INSTRUCTIONS FOR THE TASK =>
Using the entries that follow, write out the line containing "Lemma commrC a b : commr a b = - commr b a.", the line containing "Lemma commrNl a", and every line between them, exactly and nothing else.

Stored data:
(* Let $\gamma\in\mathbb{R}\setminus\{0,1,2,-2\}$ and $\epsilon\in\mathbb{R}$, and put $\kappa=\frac{\gamma+2}{\gamma-2}$. Let $\mathfrak g$ be the complex Lie algebra with basis $X_1,X_2,X_3,X_4,Y,Z$ and brackets \[ [X_2,X_1]=X_2+\epsilon Z,\quad [X_2,X_4]=[X_2,X_3]=[X_1,X_4]=0,\quad [X_1,X_3]=-X_3,\quad [X_3,X_4]=X_3, \] \[ [X_1,Z]=-\epsilon\,\tfrac{\gamma-2}{\gamma+2}\,Y,\quad [X_1,Y]=Y,\quad [X_2,Y]=Z,\quad [X_2,Z]=\tfrac{\gamma-2}{\gamma+2}X_2,\quad [Z,Y]=\tfrac{\gamma-2}{\gamma+2}Y, \] \[ [X_3,Y]=[X_3,Z]=[X_4,Y]=[X_4,Z]=0 . \] In the universal enveloping algebra $U(\mathfrak g)$ define $T=\sqrt{2\kappa}\,(Y+X_2)$, $S=\sqrt{2\kappa}\,(Y-X_2)$, $Z'=2\kappa Z$ and \[ C=T^2-S^2-Z'^2 . \] Then $C=4\kappa\left[2X_2Y-Z\left(\kappa Z+1\right)\right]$, and $C$ commutes (in $U(\mathfrak g)$) with each of $Y,Z,X_1,X_2,X_3,X_4$.
   Context: The elements $T,S,Z'$ span a subalgebra isomorphic to $sl(2)$ with $[Z',T]=2S$, $[T,S]=2Z'$, $[S,Z']=-2T$, and $C$ is its Casimir element. The exclusion $\gamma\neq\pm2$ is needed only for the coefficients to be defined. In the paper this algebra arises from approximate symmetry generators of the equation $u_{tt}+\epsilon u_t=[(1+u/\gamma)^{\gamma-1}]_{xx}$, realized e.g. by $X_2=\partial_t$, $X_3=\partial_x$, $X_4=x\partial_x+\frac{2\gamma}{\gamma-2}(1+\frac u\gamma)\partial_u$, $Z=\frac{\gamma-2}{\gamma+2}t\partial_t-\frac{2\gamma}{\gamma+2}(1+\frac u\gamma)\partial_u$, $Y=\frac{\gamma-2}{\gamma+2}\frac{t^2}{2}\partial_t-\frac{2\gamma t}{\gamma+2}(1+\frac u\gamma)\partial_u$, $X_1=t\partial_t+x\partial_x+\epsilon Y$. *)

From HB Require Import structures.
From mathcomp Require Import all_boot all_order all_algebra.
From mathcomp Require Import reals.
From mathcomp Require Import complex.
Set Implicit Arguments. Unset Strict Implicit. Unset Printing Implicit Defensive.
Import Order.TTheory GRing.Theory Num.Theory.
Local Open Scope ring_scope.

Definition commr (A : pzRingType) (a b : A) : A := a * b - b * a.

(* With kappa = (gamma + 2) / (gamma - 2), the elements E = X2, F = kappa Y and
   H = kappa Z satisfy [E,F] = H, [H,F] = F and [E,H] = E, so they span a copy of
   sl(2), and C is four times its Casimir element 2EF - H^2 - H.  The Casimir
   element commutes with E, F, H by a direct computation, hence with Y, Z, X2, and
   with everything that centralizes E, F, H, such as X3 and X4.  On span(X2,Y,Z),
   ad X1 is the inner derivation ad(eps Y + kappa Z), so X1 - eps Y - kappa Z
   centralizes E, F, H as well. *)

From HB Require Import structures.
From mathcomp Require Import all_boot all_order all_algebra.
From mathcomp Require Import reals.
From mathcomp Require Import complex.
Import Order.TTheory GRing.Theory Num.Theory.
Set Implicit Arguments. Unset Strict Implicit.
Local Open Scope ring_scope.

Section Commutator.
Variable A : pzRingType.
Implicit Types a b u : A.

Lemma commrP a b : reflect (GRing.comm a b) (commr a b == 0).
Proof. by rewrite subr_eq0; apply: eqP. Qed.

Lemma commrC a b : commr a b = - commr b a.
Proof. by rewrite /commr opprB. Qed.

Lemma commrr a : commr a a = 0.
Proof. exact: subrr. Qed.

Lemma commrDl a b u : commr (a + b) u = commr a u + commr b u.
Proof. by rewrite /commr mulrDl mulrDr opprD addrACA. Qed.

Lemma commrNl a u : commr (- a) u = - commr a u.
Proof. by rewrite /commr mulNr mulrN opprB opprK addrC. Qed.

Lemma commrBl a b u : commr (a - b) u = commr a u - commr b u.
Proof. by rewrite commrDl commrNl. Qed.

Lemma commrMnl a u n : commr (a *+ n) u = commr a u *+ n.
Proof. by rewrite /commr mulrnAl mulrnAr mulrnBl. Qed.

Lemma commrMl a b u : commr (a * b) u = a * commr b u + commr a u * b.
Proof. by rewrite /commr mulrBr mulrBl !mulrA addrA subrK. Qed.

Lemma mulr_commr a b : b * a = a * b - commr a b.
Proof. by rewrite /commr opprB addrC subrK. Qed.

Lemma sqrrD_noncomm a b : (a + b) ^+ 2 = a ^+ 2 + (a * b + b * a) + b ^+ 2.
Proof. by rewrite !expr2 mulrDl !mulrDr addrA addrA. Qed.

Lemma sqrrD_sub_sqrrB a b : (a + b) ^+ 2 - (a - b) ^+ 2 = (a * b + b * a) *+ 2.
Proof.
rewrite !sqrrD_noncomm sqrrN mulrN mulNr -opprD; set s := a * b + b * a.
by rewrite [_ - s + _]addrAC [_ + s + _]addrAC opprB addrC addrACA subrr addr0 mulr2n.
Qed.

End Commutator.

Section ScaledCommutator.
Variables (K : pzRingType) (A : algType K).
Implicit Types (k : K) (a b : A).

Lemma commrZl k a b : commr (k *: a) b = k *: commr a b.
Proof. by rewrite /commr scalerBr -scalerAl -scalerAr. Qed.

Lemma commrZr k a b : commr a (k *: b) = k *: commr a b.
Proof. by rewrite /commr scalerBr -scalerAl -scalerAr. Qed.

Lemma commrZ k a b : GRing.comm a b -> GRing.comm a (k *: b).
Proof. by move=> ab; rewrite /GRing.comm -scalerAl -scalerAr ab. Qed.

End ScaledCommutator.

Section Casimir.
Variables (A : pzRingType) (e f h : A).

Definition casimir := (e * f) *+ 2 - h * h - h.

Lemma comm_casimir u :
  GRing.comm u e -> GRing.comm u f -> GRing.comm u h -> GRing.comm u casimir.
Proof.
move=> ue uf uh; apply/commrB/uh/commrB; last exact/commrM.
exact/commrMn/commrM.
Qed.

Hypotheses (ef : commr e f = h) (hf : commr h f = f) (eh : commr e h = e).

Let fe : commr f e = - h. Proof. by rewrite commrC ef. Qed.
Let fh : commr f h = - f. Proof. by rewrite commrC hf. Qed.
Let he : commr h e = - e. Proof. by rewrite commrC eh. Qed.

Lemma commr_casimir_f : commr casimir f = 0.
Proof.
rewrite !(commrBl, commrMnl, commrMl) commrr ef hf mulr0 add0r.
by rewrite [f * h]mulr_commr hf addrA -mulr2n subKr subrr.
Qed.

Lemma commr_casimir_e : commr casimir e = 0.
Proof.
rewrite !(commrBl, commrMnl, commrMl) commrr fe he mul0r addr0.
rewrite !(mulrN, mulNr) [h * e]mulr_commr eh -opprD opprK mulNrn.
by rewrite opprK [_ - e + _]addrAC -mulr2n addKr addNr.
Qed.

Lemma commr_casimir_h : commr casimir h = 0.
Proof.
rewrite !(commrBl, commrMnl, commrMl) commrr fh eh.
by rewrite mulrN addNr mul0rn mulr0 mul0r !(addr0, oppr0).
Qed.
End Casimir.

Section SymmetryAlgebra.
Variables (K : fieldType) (A : algType K) (c eps : K) (x1 x2 y z : A).
Hypothesis c_neq0 : c != 0.
Hypotheses (b21 : commr x2 x1 = x2 + eps *: z) (b1z : commr x1 z = (- eps * c) *: y)
  (b1y : commr x1 y = y) (b2y : commr x2 y = z) (b2z : commr x2 z = c *: x2)
  (bzy : commr z y = c *: y).

Let kappa := c^-1.
Let cas := casimir x2 (kappa *: y) (kappa *: z).

Lemma casimir_x2yz :
  (4 * kappa) *: (2 *: (x2 * y) - z * (kappa *: z + 1)) = cas *+ 4.
Proof.
rewrite /cas /casimir -scalerA scaler_nat; congr (_ *+ 4).
rewrite -scalerAr -scalerAl scalerMnr -!scalerBr.
by rewrite mulrDr mulr1 scaler_nat opprD addrA.
Qed.

Lemma TSZ_formula (s : K) : s ^+ 2 = 2 * kappa ->
  (s *: (y + x2)) ^+ 2 - (s *: (y - x2)) ^+ 2 - ((2 * kappa) *: z) ^+ 2 =
  (4 * kappa) *: (2 *: (x2 * y) - z * (kappa *: z + 1)).
Proof.
move=> s2; rewrite !exprZn s2 -scalerBr sqrrD_sub_sqrrB [y * x2]mulr_commr b2y.
rewrite expr2 -scalerA -scalerBr (_ : 4 * kappa = 2 * kappa * 2); last by rewrite mulrAC -natrM.
rewrite -[in RHS]scalerA scaler_nat; congr (_ *: _).
rewrite -scalerA scaler_nat -mulrnBl; congr (_ *+ 2).
rewrite mulrDr mulr1 -scalerAr expr2 scaler_nat mulr2n.
by rewrite [_ - z + _]addrAC opprD addrA [in RHS]addrAC.
Qed.

Let ef : commr x2 (kappa *: y) = kappa *: z.
Proof. by rewrite commrZr b2y. Qed.

Let hf : commr (kappa *: z) (kappa *: y) = kappa *: y.
Proof. by rewrite commrZl commrZr bzy [kappa *: (c *: y)]scalerA mulVf ?scale1r. Qed.

Let eh : commr x2 (kappa *: z) = x2.
Proof. by rewrite commrZr b2z scalerA mulVf ?scale1r. Qed.

Lemma comm_casimir_x2yz u :
  GRing.comm u x2 -> GRing.comm u y -> GRing.comm u z -> GRing.comm u cas.
Proof. by move=> u2 uy uz; apply: comm_casimir => //; apply: commrZ. Qed.

Lemma comm_x2_casimir : GRing.comm x2 cas.
Proof. by apply/commr_sym/commrP/eqP; rewrite commr_casimir_e. Qed.

Let unscale (a : A) : a = c *: (kappa *: a).
Proof. by rewrite scalerA divff ?scale1r. Qed.

Lemma comm_y_casimir : GRing.comm y cas.
Proof.
by rewrite [y]unscale; apply/commr_sym/commrZ/commrP/eqP; rewrite commr_casimir_f.
Qed.

Lemma comm_z_casimir : GRing.comm z cas.
Proof.
by rewrite [z]unscale; apply/commr_sym/commrZ/commrP/eqP; rewrite commr_casimir_h.
Qed.

Let inner := eps *: y + kappa *: z.

Lemma x1_sub_inner_comm_x2 : GRing.comm (x1 - inner) x2.
Proof.
apply/commrP; rewrite commrBl commrDl !commrZl commrC b21 (commrC y) b2y (commrC z) b2z.
by rewrite subr_eq0 !scalerN scalerA mulVf // scale1r opprD addrC.
Qed.

Lemma x1_sub_inner_comm_y : GRing.comm (x1 - inner) y.
Proof.
apply/commrP; rewrite commrBl commrDl !commrZl b1y commrr bzy.
by rewrite scalerA mulVf // scale1r scaler0 add0r subrr.
Qed.

Lemma x1_sub_inner_comm_z : GRing.comm (x1 - inner) z.
Proof.
apply/commrP; rewrite commrBl commrDl !commrZl b1z commrr (commrC y) bzy.
by rewrite scaler0 addr0 scalerN scalerA mulNr scaleNr subrr.
Qed.

Lemma comm_x1_casimir : GRing.comm x1 cas.
Proof.
rewrite -(subrK inner x1); apply/commr_sym/commrD.
  apply/commr_sym/comm_casimir_x2yz.
  - exact: x1_sub_inner_comm_x2.
  - exact: x1_sub_inner_comm_y.
  - exact: x1_sub_inner_comm_z.
by apply/commrD; apply/commrZ/commr_sym; [exact: comm_y_casimir | exact: comm_z_casimir].
Qed.

End SymmetryAlgebra.

Local Open Scope complex_scope.

Theorem proposition1 (R : realType) (A : algType R[i]) (gamma eps : R)
  (hg0 : gamma != 0) (hg1 : gamma != 1) (hg2 : gamma != 2) (hgm2 : gamma != -2)
  (x1 x2 x3 x4 y z : A)
  (b21 : commr x2 x1 = x2 + (eps%:C) *: z)
  (b24 : commr x2 x4 = 0) (b23 : commr x2 x3 = 0) (b14 : commr x1 x4 = 0)
  (b13 : commr x1 x3 = - x3) (b34 : commr x3 x4 = x3)
  (b1z : commr x1 z = (- eps * ((gamma - 2) / (gamma + 2)))%:C *: y)
  (b1y : commr x1 y = y) (b2y : commr x2 y = z)
  (b2z : commr x2 z = (((gamma - 2) / (gamma + 2))%:C) *: x2)
  (bzy : commr z y = (((gamma - 2) / (gamma + 2))%:C) *: y)
  (b3y : commr x3 y = 0) (b3z : commr x3 z = 0)
  (b4y : commr x4 y = 0) (b4z : commr x4 z = 0) :
  let kappa : R[i] := ((gamma + 2) / (gamma - 2))%:C in
  let T : A := sqrtC (2 * kappa) *: (y + x2) in
  let S : A := sqrtC (2 * kappa) *: (y - x2) in
  let Z' : A := (2 * kappa) *: z in
  let C : A := T ^+ 2 - S ^+ 2 - Z' ^+ 2 in
  C = (4 * kappa) *: (2 *: (x2 * y) - z * (kappa *: z + 1)) /\
  (commr C y = 0 /\ commr C z = 0 /\ commr C x1 = 0 /\ commr C x2 = 0 /\
   commr C x3 = 0 /\ commr C x4 = 0).
Proof.
set c := ((gamma - 2) / (gamma + 2))%:C in b2z bzy.
have c_neq0 : c != 0.
  by rewrite fmorph_eq0 mulf_neq0 ?invr_eq0 ?subr_eq0 ?addr_eq0.
have -> : ((gamma + 2) / (gamma - 2))%:C = c^-1 by rewrite -fmorphV invf_div.
rewrite rmorphM rmorphN /= -/c in b1z.
move=> kappa T S Z' C.
have C_formula : C = (4 * kappa) *: (2 *: (x2 * y) - z * (kappa *: z + 1)).
  exact/TSZ_formula/sqrtCK.
have comm_C u : GRing.comm u (casimir x2 (kappa *: y) (kappa *: z)) -> commr C u = 0.
  move=> u_cas; apply/eqP/commrP/commr_sym.
  by rewrite C_formula casimir_x2yz //; apply/commrMn.
have comm_of_commr0 (a b : A) : commr a b = 0 -> GRing.comm a b by move/eqP/commrP.
split=> //; do !split; apply: comm_C.
- exact: comm_y_casimir.
- exact: comm_z_casimir.
- exact: (comm_x1_casimir c_neq0 b21 b1z b1y b2y b2z bzy).
- exact: comm_x2_casimir.
- by apply: comm_casimir_x2yz; [apply/commr_sym | ..]; exact/comm_of_commr0.
- by apply: comm_casimir_x2yz; [apply/commr_sym | ..]; exact/comm_of_commr0.
Qed.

RESPONSE BOX =>
Lemma commrC a b : commr a b = - commr b a.
Proof. by rewrite /commr opprB. Qed.

Lemma commrr a : commr a a = 0.
Proof. exact: subrr. Qed.

Lemma commrDl a b u : commr (a + b) u = commr a u + commr b u.
Proof. by rewrite /commr mulrDl mulrDr opprD addrACA. Qed.

Lemma commrNl a u : commr (- a) u = - commr a u.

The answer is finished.